Darah Pawoo naik, dan wajahnya berubah menjadi ekspresi murka. Dia mengatupkan rahang dan mendorong pria itu ke samping. Ketika deputi melihatnya melangkah pergi, dia mengejarnya.
"Kapten!"
“Turunkan level ancaman untuk area ini. Kirim regu dua, tiga, dan empat ke gerbang barat dan regu sembilan ke utara.”
"Apakah kamu pergi sendiri?! Kita sedang berhadapan dengan buronan kelas kakap Jepang lho!”

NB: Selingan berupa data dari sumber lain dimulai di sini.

(* Let u1 be the next vertex on a geodesic from u to x: it is still on the
   x-side, hence by induction on the p-side.  If u were on the q-side, the edge
   u1 u would cross, so u = r' u1 and d u y = d u1 x < d u x; if u were
   equidistant from p and q, r' would fix it and it would be equidistant from
   x and y. *)
Lemma refl_Vside_sub : {subset Vside e x y <= Vside e p q}.
Proof.
move=> u; have [n] := ubnP (d u x); elim: n u => // n IH u.
rewrite ltnS => hn hu; case: (eqVneq u x) => [-> //|hux].
have [u1 hu1 hd1] := gdist_next hux.
have hu1xy : u1 \in Vside e x y.
  by move: hu; rewrite !inE -hd1; have := gdist_edge_le y hu1; lia.
have hu1pq : u1 \in Vside e p q by apply: IH hu1xy; rewrite -hd1 in hn.
move: (hu); rewrite !inE; case: (ltngtP (d u p) (d u q)) => // hupq.
- have hu_r : u = r' u1.
    by apply: (refl_cross hr' hu1pq); rewrite ?inE // e_sym.
  have : d u y = d u1 x by rewrite hu_r -hr'x (refl_gdist hr').
  lia.
- have /(refl_Vmid_sub hr' hr'x) : u \in Vmid e p q by rewrite inE hupq.
  by rewrite inE => /eqP ->; rewrite ltnn.
Qed.

Lemma refl_transfer : Vside e x y = Vside e p q.
Proof.
apply/setP=> u; apply/idP/idP; first exact: refl_Vside_sub.
have hrq : r q = p by rewrite -hrp (refl_invol hr).
rewrite [u \in Vside e x y]inE; case: ltngtP => // hu hpq.
- have /refl_Vside_sub : r u \in Vside e x y by rewrite refl_Vside // inE.
  rewrite (mem_Vside_invol (refl_mono hr) (refl_invol hr)) hrp hrq.
  by move: hpq; rewrite !inE => /ltnW; rewrite leqNgt => /negPf ->.
- have /(refl_Vmid_sub hr hrp) : u \in Vmid e x y by rewrite inE hu.
  by move: hpq; rewrite !inE => /ltn_eqF ->.
Qed.

End Transfer.

Hypothesis e_refl : reflective e.

Definition refl_of (x y : T) : T -> T := epsilon (inhabits id) (reflection e x y).

Lemma refl_ofP x y : e x y -> reflection e x y (refl_of x y).
Proof. by move/e_refl; apply: epsilon_spec. Qed.

Variable z : T.
Local Notation s n := (refl_of z n).

Section Square.
Variables c b : T.
Hypotheses (hc : e z c) (hb : e z b) (hcb : 1 < d c b).

(* With w := s c b, the cycle z c w b is induced; s b maps c to w and the
   reflection from c to w maps z to b, so refl_transfer applies. *)
Lemma square_refl : reflection e c (s c b) (s b) /\ Vside e z b = Vside e c (s c b).
Proof.
have hrc := refl_ofP hc; have hrb := refl_ofP hb.
set w := s c b.
have dbz : d b z = 1 by rewrite gdist_edge // e_sym.
have dcz : d c z = 1 by rewrite gdist_edge // e_sym.
have hbw : e b w by apply: (refl_edge hrc); rewrite inE dbz gdistC.
have hcw : e c w by rewrite -(refl_x hrc) (refl_mono hrc).
have dwz : d w z = d b c by rewrite -(refl_y hrc) (refl_gdist hrc).
have dwb : d w b = 1 by rewrite gdist_edge // e_sym.
have hsbc : s b c = w.
  apply/esym/(refl_cross hrb) => //; rewrite inE.
  - by rewrite dcz.
  - by rewrite dwb dwz gdistC.
have hrcw := refl_ofP hcw.
have hz : z \in Vside e c w by rewrite inE gdistC dcz gdistC dwz gdistC.
have hrcwz : refl_of c w z = b.
  by apply/esym/(refl_cross hrcw hz); rewrite // inE gdistC dwb gdistC.
have hzbcw := refl_transfer hrb hrcw hsbc hrcwz hz.
by split=> //; apply: refl_Vside_eq hsbc hzbcw.
Qed.

Lemma square_comm u : s c (s b u) = s b (s c u).
Proof.
have hrc := refl_ofP hc; have [hrb _] := square_refl.
have := refl_conj (refl_ofP hb) (refl_mono hrc) (refl_invol hrc).
rewrite (refl_x hrc) => /refl_unique/(_ hrb (s c u)).
by rewrite (refl_invol hrc).
Qed.

Lemma square_Vside u : u \in Vside e z b -> s c u \in Vside e z b.
Proof.
have hrc := refl_ofP hc; have [_ hVside] := square_refl.
by rewrite (mem_Vside_invol (refl_mono hrc) (refl_invol hrc)) (refl_x hrc) -hVside.
Qed.

End Square.

Definition act (l : seq T) (u : T) : T := foldr (refl_of z) u l.

Lemma act_cat l m u : act (l ++ m) u = act l (act m u).
Proof. by rewrite /act foldr_cat. Qed.

Lemma act_rcons l n u : act (rcons l n) u = act l (s n u).
Proof. by rewrite -cats1 act_cat. Qed.

Lemma act_mono l : all (e z) l -> {mono act l : u v / e u v}.
Proof.
elim: l => [_ //|n l IH] /andP[hn /IH hl] u v /=.
by rewrite (refl_mono (refl_ofP hn)).
Qed.

Lemma act_revK l : all (e z) l -> cancel (act l) (act (rev l)).
Proof.
elim: l => [_ //|n l IH] /andP[hn hl] u /=.
by rewrite rev_cons act_rcons (refl_invol (refl_ofP hn)) IH.
Qed.

Lemma act_Krev l : all (e z) l -> cancel (act (rev l)) (act l).
Proof. by move=> hl u; rewrite -{1}(revK l) act_revK ?all_rev. Qed.

Lemma act_adj l u : all (e z) l -> e (act l z) u -> exists2 n, e z n & u = act l (s n z).
Proof.
move=> hl hu; set n := act (rev l) u.
have hn : e z n by rewrite -(act_mono hl) act_Krev.
by exists n; rewrite // (refl_x (refl_ofP hn)) act_Krev.
Qed.

Section Product.
Variables C D : {set T}.
Hypothesis CD_nbr : forall n, e z n = (n \in C) || (n \in D).
Hypothesis CD_sep : {in C & D, forall c b, (c != b) && ~~ e c b}.

Lemma C_nbr c : c \in C -> e z c.
Proof. by move=> hc; rewrite CD_nbr hc. Qed.

Lemma D_nbr b : b \in D -> e z b.
Proof. by move=> hb; rewrite CD_nbr hb orbT. Qed.

Lemma all_C_nbr l : all (mem C) l -> all (e z) l.
Proof. by apply: sub_all => c /C_nbr. Qed.

Lemma all_D_nbr l : all (mem D) l -> all (e z) l.
Proof. by apply: sub_all => b /D_nbr. Qed.

Lemma gdist_CD : {in C & D, forall c b, 1 < d c b}.
Proof. by move=> c b hc hb; have /andP[] := CD_sep hc hb; apply: gdist_ge2. Qed.

Lemma act_comm l m u :
  all (mem C) l -> all (mem D) m -> act l (act m u) = act m (act l u).
Proof.
have comm1 c v : c \in C -> all (mem D) m -> s c (act m v) = act m (s c v).
  move=> hc; elim: m v => [//|b m IH] v /= /andP[hb hm].
  by rewrite (square_comm (C_nbr hc) (D_nbr hb) (gdist_CD hc hb)) IH.
by elim: l u => [//|c l IH] u /= /andP[hc hl] hm; rewrite IH // comm1.
Qed.

Definition fibreC := \bigcap_(b in D) Vside e z b.
Definition fibreD := \bigcap_(c in C) Vside e z c.

Lemma z_fibreC : z \in fibreC.
Proof. by apply/bigcapP=> b /D_nbr hb; rewrite inE gdistxx gdist_edge. Qed.

Lemma z_fibreD : z \in fibreD.
Proof. by apply/bigcapP=> c /C_nbr hc; rewrite inE gdistxx gdist_edge. Qed.

Lemma C_fibreC : {subset C <= fibreC}.
Proof.
move=> c hc; apply/bigcapP=> b hb.
by rewrite inE gdistC (gdist_edge (C_nbr hc)) gdist_CD.
Qed.

Lemma D_fibreD : {subset D <= fibreD}.
Proof.
move=> b hb; apply/bigcapP=> c hc.
by rewrite inE gdistC (gdist_edge (D_nbr hb)) gdistC gdist_CD.
Qed.

Lemma act_fibreC l u : all (mem C) l -> u \in fibreC -> act l u \in fibreC.
Proof.
elim: l => [//|c l IH] /= /andP[hc /IH hl] /hl hu.
apply/bigcapP=> b hb; apply: (square_Vside (C_nbr hc) (D_nbr hb) (gdist_CD hc hb)).
exact: (bigcapP hu).
Qed.

Lemma act_fibreD l u : all (mem D) l -> u \in fibreD -> act l u \in fibreD.
Proof.
elim: l => [//|b l IH] /= /andP[hb /IH hl] /hl hu.
apply/bigcapP=> c hc; apply: (square_Vside (D_nbr hb) (C_nbr hc)).
  by rewrite gdistC gdist_CD.
exact: (bigcapP hu).
Qed.

Lemma fibreCD_z v : v \in fibreC -> v \in fibreD -> v = z.
Proof.
move=> /bigcapP hC /bigcapP hD; case: (eqVneq z v) => [//|hzv].
have [n hn hd] := gdist_next hzv.
have hvn : d v n < d v z by rewrite (gdistC v n) (gdistC v z) -hd.
move: hn; rewrite CD_nbr => /orP[/hD|/hC]; rewrite inE => /(ltn_trans hvn);
  by rewrite ltnn.
Qed.

Lemma act_adj_CD l m u : all (mem C) l -> all (mem D) m ->
  e (act l (act m z)) u ->
  exists n, (n \in C /\ u = act (rcons l n) (act m z)) \/
            (n \in D /\ u = act l (act (rcons m n) z)).
Proof.
move=> hl hm; rewrite -act_cat => /act_adj[|n hn ->].
  by rewrite all_cat all_C_nbr ?all_D_nbr.
exists n; rewrite act_cat; move: hn; rewrite CD_nbr => /orP[hnC|hnD]; [left|right].
- split=> //; rewrite act_rcons; congr act.
  by apply/esym/(@act_comm [:: n]); rewrite //= hnC.
- by split=> //; rewrite act_rcons.
Qed.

"Aku tidak ingat meminta pendapatmu," Pawoo mendidih saat dia melompat ke atas sepeda motor besarnya. “Kau bisa mencoba memberi tahuku apa yang harus dilakukan setelah Kau mendaratkan satu pukulan padaku dalam latihan. Sampai saat itu, patuhi perintahku dan jangan mengacau. Paham?"
“La-laksanakan!”
Pawoo memacu sepeda motor putihnya dengan kecepatan tinggi tanpa menunggu jawaban dari deputi itu. Kemudian dia mengayunkan tongkat logamnya, menghantam tanah dengan kekuatan sedemikian rupa sehingga meluncurkan kendaraannya ke udara dan ke atap.
Milo...!
Pawoo menjadi tidak sabar saat dia melaju ke arah jamur yang menjulang tinggi, sepedanya melesat membentuk garis perak melintasi pemandangan malam Imihama.
_______
Dari atas atap, ia mengamati kota. Jamur besar berdiri tegak dan memancarkan cahaya redup di jalanan di bawah. Spora berjatuhan seperti butiran salju, dengan lembut menyapu pipi Bisco. Setelah pertempuran sengit, penjaga berkepala kelinci telah mundur secara massal, meninggalkan tubuh rekan mereka yang jatuh di tempat mereka terbaring. Sekarang, di tengah kota yang ramai itu, hanya menyisakan keheningan yang mencekam.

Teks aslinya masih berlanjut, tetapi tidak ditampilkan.